*** RECORDS SHOWN Section Begins ***
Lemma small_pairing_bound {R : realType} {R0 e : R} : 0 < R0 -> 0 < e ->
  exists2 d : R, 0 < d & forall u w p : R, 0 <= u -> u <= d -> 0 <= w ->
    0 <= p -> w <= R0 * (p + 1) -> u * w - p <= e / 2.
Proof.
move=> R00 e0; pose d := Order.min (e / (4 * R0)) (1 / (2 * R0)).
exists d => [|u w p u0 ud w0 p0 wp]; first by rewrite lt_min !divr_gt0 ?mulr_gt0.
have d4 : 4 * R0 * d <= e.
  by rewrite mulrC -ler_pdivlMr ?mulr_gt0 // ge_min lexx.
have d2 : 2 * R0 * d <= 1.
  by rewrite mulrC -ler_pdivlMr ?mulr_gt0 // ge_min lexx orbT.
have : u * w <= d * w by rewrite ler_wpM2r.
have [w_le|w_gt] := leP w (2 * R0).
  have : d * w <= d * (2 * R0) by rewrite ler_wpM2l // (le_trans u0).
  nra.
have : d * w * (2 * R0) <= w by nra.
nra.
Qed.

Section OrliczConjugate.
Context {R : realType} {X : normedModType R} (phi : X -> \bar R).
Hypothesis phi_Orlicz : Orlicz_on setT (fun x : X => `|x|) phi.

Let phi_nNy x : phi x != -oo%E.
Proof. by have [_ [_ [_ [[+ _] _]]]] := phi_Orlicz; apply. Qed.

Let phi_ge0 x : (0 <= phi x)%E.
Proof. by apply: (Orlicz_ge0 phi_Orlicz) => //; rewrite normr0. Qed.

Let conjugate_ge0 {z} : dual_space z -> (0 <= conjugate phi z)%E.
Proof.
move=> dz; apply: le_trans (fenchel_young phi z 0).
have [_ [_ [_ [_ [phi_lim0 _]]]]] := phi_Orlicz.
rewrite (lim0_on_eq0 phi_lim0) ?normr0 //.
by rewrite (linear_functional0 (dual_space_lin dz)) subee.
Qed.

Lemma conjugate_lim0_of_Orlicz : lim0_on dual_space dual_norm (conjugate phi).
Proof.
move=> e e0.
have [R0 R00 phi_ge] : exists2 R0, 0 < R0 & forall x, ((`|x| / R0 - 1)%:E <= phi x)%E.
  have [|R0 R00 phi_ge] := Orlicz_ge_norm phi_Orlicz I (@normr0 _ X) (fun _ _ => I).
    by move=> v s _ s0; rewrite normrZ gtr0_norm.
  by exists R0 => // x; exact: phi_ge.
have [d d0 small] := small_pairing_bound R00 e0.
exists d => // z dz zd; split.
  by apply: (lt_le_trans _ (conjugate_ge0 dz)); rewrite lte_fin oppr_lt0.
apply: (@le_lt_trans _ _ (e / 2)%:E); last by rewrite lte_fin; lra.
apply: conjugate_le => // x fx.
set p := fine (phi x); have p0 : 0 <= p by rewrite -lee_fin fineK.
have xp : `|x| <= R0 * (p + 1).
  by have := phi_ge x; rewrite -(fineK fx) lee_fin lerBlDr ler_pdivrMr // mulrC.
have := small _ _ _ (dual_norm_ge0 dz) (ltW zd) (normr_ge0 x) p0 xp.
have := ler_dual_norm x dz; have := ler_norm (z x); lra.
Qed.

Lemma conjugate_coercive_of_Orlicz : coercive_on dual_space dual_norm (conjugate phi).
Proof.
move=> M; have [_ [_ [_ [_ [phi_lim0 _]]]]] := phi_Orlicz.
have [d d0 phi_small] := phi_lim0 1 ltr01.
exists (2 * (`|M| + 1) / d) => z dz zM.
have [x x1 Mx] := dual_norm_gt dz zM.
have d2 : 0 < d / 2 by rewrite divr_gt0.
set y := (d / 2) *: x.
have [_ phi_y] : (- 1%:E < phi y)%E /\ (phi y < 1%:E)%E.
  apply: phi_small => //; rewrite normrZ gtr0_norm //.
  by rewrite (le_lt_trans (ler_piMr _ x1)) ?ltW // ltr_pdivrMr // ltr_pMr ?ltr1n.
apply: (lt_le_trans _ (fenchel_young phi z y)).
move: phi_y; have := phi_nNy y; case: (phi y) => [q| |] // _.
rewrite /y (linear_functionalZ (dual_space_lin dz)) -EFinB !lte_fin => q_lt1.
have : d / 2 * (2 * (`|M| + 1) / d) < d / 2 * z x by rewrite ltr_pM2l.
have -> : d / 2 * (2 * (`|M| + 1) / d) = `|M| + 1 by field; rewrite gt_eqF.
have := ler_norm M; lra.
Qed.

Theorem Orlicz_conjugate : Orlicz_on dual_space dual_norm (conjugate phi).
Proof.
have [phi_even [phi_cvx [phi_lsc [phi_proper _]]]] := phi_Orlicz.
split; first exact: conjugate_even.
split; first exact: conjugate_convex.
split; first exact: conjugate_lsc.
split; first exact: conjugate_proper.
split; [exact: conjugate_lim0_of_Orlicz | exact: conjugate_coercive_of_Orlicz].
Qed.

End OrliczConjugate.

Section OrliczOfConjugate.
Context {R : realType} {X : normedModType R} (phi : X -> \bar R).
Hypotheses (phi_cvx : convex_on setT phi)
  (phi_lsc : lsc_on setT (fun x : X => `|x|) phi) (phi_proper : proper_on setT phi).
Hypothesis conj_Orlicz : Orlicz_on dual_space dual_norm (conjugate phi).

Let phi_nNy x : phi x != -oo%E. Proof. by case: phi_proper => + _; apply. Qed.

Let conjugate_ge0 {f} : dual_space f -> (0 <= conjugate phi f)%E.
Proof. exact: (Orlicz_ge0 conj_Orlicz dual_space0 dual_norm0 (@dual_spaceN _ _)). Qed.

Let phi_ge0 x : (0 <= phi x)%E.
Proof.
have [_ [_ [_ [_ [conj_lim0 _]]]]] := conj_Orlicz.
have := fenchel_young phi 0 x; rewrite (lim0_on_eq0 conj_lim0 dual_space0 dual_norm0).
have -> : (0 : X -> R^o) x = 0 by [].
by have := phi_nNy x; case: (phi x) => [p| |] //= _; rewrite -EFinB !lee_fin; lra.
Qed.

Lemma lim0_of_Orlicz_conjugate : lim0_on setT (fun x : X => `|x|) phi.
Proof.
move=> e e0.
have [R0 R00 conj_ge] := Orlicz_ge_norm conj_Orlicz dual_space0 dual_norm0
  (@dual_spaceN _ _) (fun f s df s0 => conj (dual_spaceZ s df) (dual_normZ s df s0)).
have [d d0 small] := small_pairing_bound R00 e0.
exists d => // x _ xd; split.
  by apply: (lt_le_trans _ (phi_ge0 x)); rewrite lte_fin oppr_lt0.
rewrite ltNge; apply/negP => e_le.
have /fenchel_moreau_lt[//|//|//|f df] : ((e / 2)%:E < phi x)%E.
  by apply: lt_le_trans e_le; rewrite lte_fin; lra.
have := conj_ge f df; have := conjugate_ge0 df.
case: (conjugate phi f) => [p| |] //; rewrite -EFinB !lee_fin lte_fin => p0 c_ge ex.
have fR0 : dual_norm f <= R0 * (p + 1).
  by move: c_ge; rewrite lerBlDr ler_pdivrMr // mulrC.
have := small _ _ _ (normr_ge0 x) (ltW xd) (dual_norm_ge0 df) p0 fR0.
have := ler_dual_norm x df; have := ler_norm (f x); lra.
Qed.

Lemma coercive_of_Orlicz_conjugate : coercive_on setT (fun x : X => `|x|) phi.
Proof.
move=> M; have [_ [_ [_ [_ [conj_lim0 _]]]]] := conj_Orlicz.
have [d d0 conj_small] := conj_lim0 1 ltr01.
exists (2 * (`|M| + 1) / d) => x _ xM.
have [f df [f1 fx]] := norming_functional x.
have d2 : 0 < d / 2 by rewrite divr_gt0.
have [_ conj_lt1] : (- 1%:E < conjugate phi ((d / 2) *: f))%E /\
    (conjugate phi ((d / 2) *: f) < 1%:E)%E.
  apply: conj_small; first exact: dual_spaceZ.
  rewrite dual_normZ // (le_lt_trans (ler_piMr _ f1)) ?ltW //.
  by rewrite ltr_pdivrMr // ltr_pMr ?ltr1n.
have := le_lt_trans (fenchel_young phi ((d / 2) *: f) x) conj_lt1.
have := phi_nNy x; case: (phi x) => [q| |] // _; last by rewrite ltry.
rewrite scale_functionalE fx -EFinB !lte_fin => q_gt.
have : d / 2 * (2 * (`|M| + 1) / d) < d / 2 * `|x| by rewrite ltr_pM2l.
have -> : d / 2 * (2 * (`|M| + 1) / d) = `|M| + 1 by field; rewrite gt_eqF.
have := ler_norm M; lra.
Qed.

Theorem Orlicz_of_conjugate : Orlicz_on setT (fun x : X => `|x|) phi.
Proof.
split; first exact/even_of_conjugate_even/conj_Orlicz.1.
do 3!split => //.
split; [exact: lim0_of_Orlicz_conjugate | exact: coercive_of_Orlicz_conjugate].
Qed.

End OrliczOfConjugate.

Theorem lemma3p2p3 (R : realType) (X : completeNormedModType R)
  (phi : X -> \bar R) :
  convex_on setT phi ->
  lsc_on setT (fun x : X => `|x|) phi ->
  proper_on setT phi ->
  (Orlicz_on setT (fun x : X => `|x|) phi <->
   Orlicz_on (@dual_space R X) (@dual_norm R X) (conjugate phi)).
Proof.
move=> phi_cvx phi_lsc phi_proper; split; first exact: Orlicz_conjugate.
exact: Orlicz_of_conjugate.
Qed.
*** RECORDS SHOWN Section Ends ***
*** RECORDS SHOWN Section Begins ***
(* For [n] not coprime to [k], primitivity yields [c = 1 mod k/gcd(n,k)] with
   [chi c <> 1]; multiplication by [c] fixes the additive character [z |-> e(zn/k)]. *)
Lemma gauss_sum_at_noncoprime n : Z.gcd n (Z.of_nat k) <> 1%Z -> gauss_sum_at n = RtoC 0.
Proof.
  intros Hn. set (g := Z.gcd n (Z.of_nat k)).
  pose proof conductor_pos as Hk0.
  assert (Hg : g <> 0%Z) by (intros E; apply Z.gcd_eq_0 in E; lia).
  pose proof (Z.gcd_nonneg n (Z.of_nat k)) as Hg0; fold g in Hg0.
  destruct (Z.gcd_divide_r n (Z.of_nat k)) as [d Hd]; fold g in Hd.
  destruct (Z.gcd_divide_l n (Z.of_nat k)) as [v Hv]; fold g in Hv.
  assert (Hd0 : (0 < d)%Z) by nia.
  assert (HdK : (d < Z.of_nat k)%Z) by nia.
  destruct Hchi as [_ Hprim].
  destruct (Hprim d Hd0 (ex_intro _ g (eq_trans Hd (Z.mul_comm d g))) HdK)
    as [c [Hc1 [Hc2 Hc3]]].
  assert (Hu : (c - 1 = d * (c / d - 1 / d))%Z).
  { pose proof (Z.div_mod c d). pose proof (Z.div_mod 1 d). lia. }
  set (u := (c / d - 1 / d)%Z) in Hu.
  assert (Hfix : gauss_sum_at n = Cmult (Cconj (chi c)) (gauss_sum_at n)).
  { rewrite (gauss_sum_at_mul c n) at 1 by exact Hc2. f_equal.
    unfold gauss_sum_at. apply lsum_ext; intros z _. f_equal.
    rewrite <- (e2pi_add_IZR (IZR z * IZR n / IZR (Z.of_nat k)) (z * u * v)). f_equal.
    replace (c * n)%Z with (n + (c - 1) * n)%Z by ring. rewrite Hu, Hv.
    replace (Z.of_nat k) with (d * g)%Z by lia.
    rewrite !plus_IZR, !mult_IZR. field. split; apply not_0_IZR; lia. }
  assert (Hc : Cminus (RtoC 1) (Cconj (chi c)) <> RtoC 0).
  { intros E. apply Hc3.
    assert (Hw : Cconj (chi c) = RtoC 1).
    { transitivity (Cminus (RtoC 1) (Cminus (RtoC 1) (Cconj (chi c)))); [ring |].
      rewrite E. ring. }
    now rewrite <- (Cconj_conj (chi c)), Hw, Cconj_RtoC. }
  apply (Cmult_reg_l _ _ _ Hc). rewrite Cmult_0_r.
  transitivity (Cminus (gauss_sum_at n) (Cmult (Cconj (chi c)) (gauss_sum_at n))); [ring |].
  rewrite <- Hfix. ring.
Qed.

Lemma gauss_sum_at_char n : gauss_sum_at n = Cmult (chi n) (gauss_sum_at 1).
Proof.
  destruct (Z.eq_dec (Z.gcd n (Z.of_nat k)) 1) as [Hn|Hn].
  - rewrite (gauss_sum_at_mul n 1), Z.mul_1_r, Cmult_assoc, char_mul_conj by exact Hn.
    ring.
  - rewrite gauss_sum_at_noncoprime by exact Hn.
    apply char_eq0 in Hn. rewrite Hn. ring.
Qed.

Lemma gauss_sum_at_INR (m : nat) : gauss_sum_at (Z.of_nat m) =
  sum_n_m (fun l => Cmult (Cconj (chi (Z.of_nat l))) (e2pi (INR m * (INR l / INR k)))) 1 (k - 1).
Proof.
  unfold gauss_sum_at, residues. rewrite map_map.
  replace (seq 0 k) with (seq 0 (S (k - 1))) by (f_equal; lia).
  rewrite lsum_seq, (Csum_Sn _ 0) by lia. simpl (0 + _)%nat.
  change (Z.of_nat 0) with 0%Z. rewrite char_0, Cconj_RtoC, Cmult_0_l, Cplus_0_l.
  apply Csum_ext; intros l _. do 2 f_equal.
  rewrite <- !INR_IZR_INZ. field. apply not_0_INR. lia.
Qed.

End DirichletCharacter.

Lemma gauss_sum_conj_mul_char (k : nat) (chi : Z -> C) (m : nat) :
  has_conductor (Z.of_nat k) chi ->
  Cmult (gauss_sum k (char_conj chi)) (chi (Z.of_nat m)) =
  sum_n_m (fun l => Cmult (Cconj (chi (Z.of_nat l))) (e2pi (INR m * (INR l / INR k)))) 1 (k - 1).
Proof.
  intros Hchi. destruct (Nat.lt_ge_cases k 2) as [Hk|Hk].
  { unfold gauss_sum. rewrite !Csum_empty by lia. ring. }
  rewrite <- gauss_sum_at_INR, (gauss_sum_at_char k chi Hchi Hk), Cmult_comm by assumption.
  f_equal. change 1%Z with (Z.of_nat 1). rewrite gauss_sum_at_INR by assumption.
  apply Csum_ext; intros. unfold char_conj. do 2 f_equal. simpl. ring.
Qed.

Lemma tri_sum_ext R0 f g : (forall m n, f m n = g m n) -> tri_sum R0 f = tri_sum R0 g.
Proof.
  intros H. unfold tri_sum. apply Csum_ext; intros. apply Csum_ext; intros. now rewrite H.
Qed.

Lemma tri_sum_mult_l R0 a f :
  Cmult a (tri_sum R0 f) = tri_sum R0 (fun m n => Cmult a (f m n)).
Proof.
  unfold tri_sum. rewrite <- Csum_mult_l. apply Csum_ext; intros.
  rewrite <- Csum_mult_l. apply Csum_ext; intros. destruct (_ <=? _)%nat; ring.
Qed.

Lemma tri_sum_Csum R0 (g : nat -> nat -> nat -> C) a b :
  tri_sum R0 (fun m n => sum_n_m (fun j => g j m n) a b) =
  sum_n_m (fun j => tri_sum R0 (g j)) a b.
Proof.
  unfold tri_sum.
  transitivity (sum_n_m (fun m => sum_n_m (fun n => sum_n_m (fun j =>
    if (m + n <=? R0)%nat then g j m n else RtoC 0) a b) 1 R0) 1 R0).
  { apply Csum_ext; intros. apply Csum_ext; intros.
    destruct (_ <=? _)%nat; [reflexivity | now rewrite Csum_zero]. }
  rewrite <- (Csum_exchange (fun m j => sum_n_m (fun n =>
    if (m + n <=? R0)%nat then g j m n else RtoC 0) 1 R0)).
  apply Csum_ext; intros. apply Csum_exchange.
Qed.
*** RECORDS SHOWN Section Ends ***
● **TASK PROMPT**:
From the records above, copy only the lines starting with the line that holds "0 < R0 -> 0 < e ->" and going on through the line that holds "exists d => // z dz zd; split.", exactly as written.

● **EXERCISE RESPONSE**:
Lemma small_pairing_bound {R : realType} {R0 e : R} : 0 < R0 -> 0 < e ->
  exists2 d : R, 0 < d & forall u w p : R, 0 <= u -> u <= d -> 0 <= w ->
    0 <= p -> w <= R0 * (p + 1) -> u * w - p <= e / 2.
Proof.
move=> R00 e0; pose d := Order.min (e / (4 * R0)) (1 / (2 * R0)).
exists d => [|u w p u0 ud w0 p0 wp]; first by rewrite lt_min !divr_gt0 ?mulr_gt0.
have d4 : 4 * R0 * d <= e.
  by rewrite mulrC -ler_pdivlMr ?mulr_gt0 // ge_min lexx.
have d2 : 2 * R0 * d <= 1.
  by rewrite mulrC -ler_pdivlMr ?mulr_gt0 // ge_min lexx orbT.
have : u * w <= d * w by rewrite ler_wpM2r.
have [w_le|w_gt] := leP w (2 * R0).
  have : d * w <= d * (2 * R0) by rewrite ler_wpM2l // (le_trans u0).
  nra.
have : d * w * (2 * R0) <= w by nra.
nra.
Qed.

Section OrliczConjugate.
Context {R : realType} {X : normedModType R} (phi : X -> \bar R).
Hypothesis phi_Orlicz : Orlicz_on setT (fun x : X => `|x|) phi.

Let phi_nNy x : phi x != -oo%E.
Proof. by have [_ [_ [_ [[+ _] _]]]] := phi_Orlicz; apply. Qed.

Let phi_ge0 x : (0 <= phi x)%E.
Proof. by apply: (Orlicz_ge0 phi_Orlicz) => //; rewrite normr0. Qed.

Let conjugate_ge0 {z} : dual_space z -> (0 <= conjugate phi z)%E.
Proof.
move=> dz; apply: le_trans (fenchel_young phi z 0).
have [_ [_ [_ [_ [phi_lim0 _]]]]] := phi_Orlicz.
rewrite (lim0_on_eq0 phi_lim0) ?normr0 //.
by rewrite (linear_functional0 (dual_space_lin dz)) subee.
Qed.

Lemma conjugate_lim0_of_Orlicz : lim0_on dual_space dual_norm (conjugate phi).
Proof.
move=> e e0.
have [R0 R00 phi_ge] : exists2 R0, 0 < R0 & forall x, ((`|x| / R0 - 1)%:E <= phi x)%E.
  have [|R0 R00 phi_ge] := Orlicz_ge_norm phi_Orlicz I (@normr0 _ X) (fun _ _ => I).
    by move=> v s _ s0; rewrite normrZ gtr0_norm.
  by exists R0 => // x; exact: phi_ge.
have [d d0 small] := small_pairing_bound R00 e0.
exists d => // z dz zd; split.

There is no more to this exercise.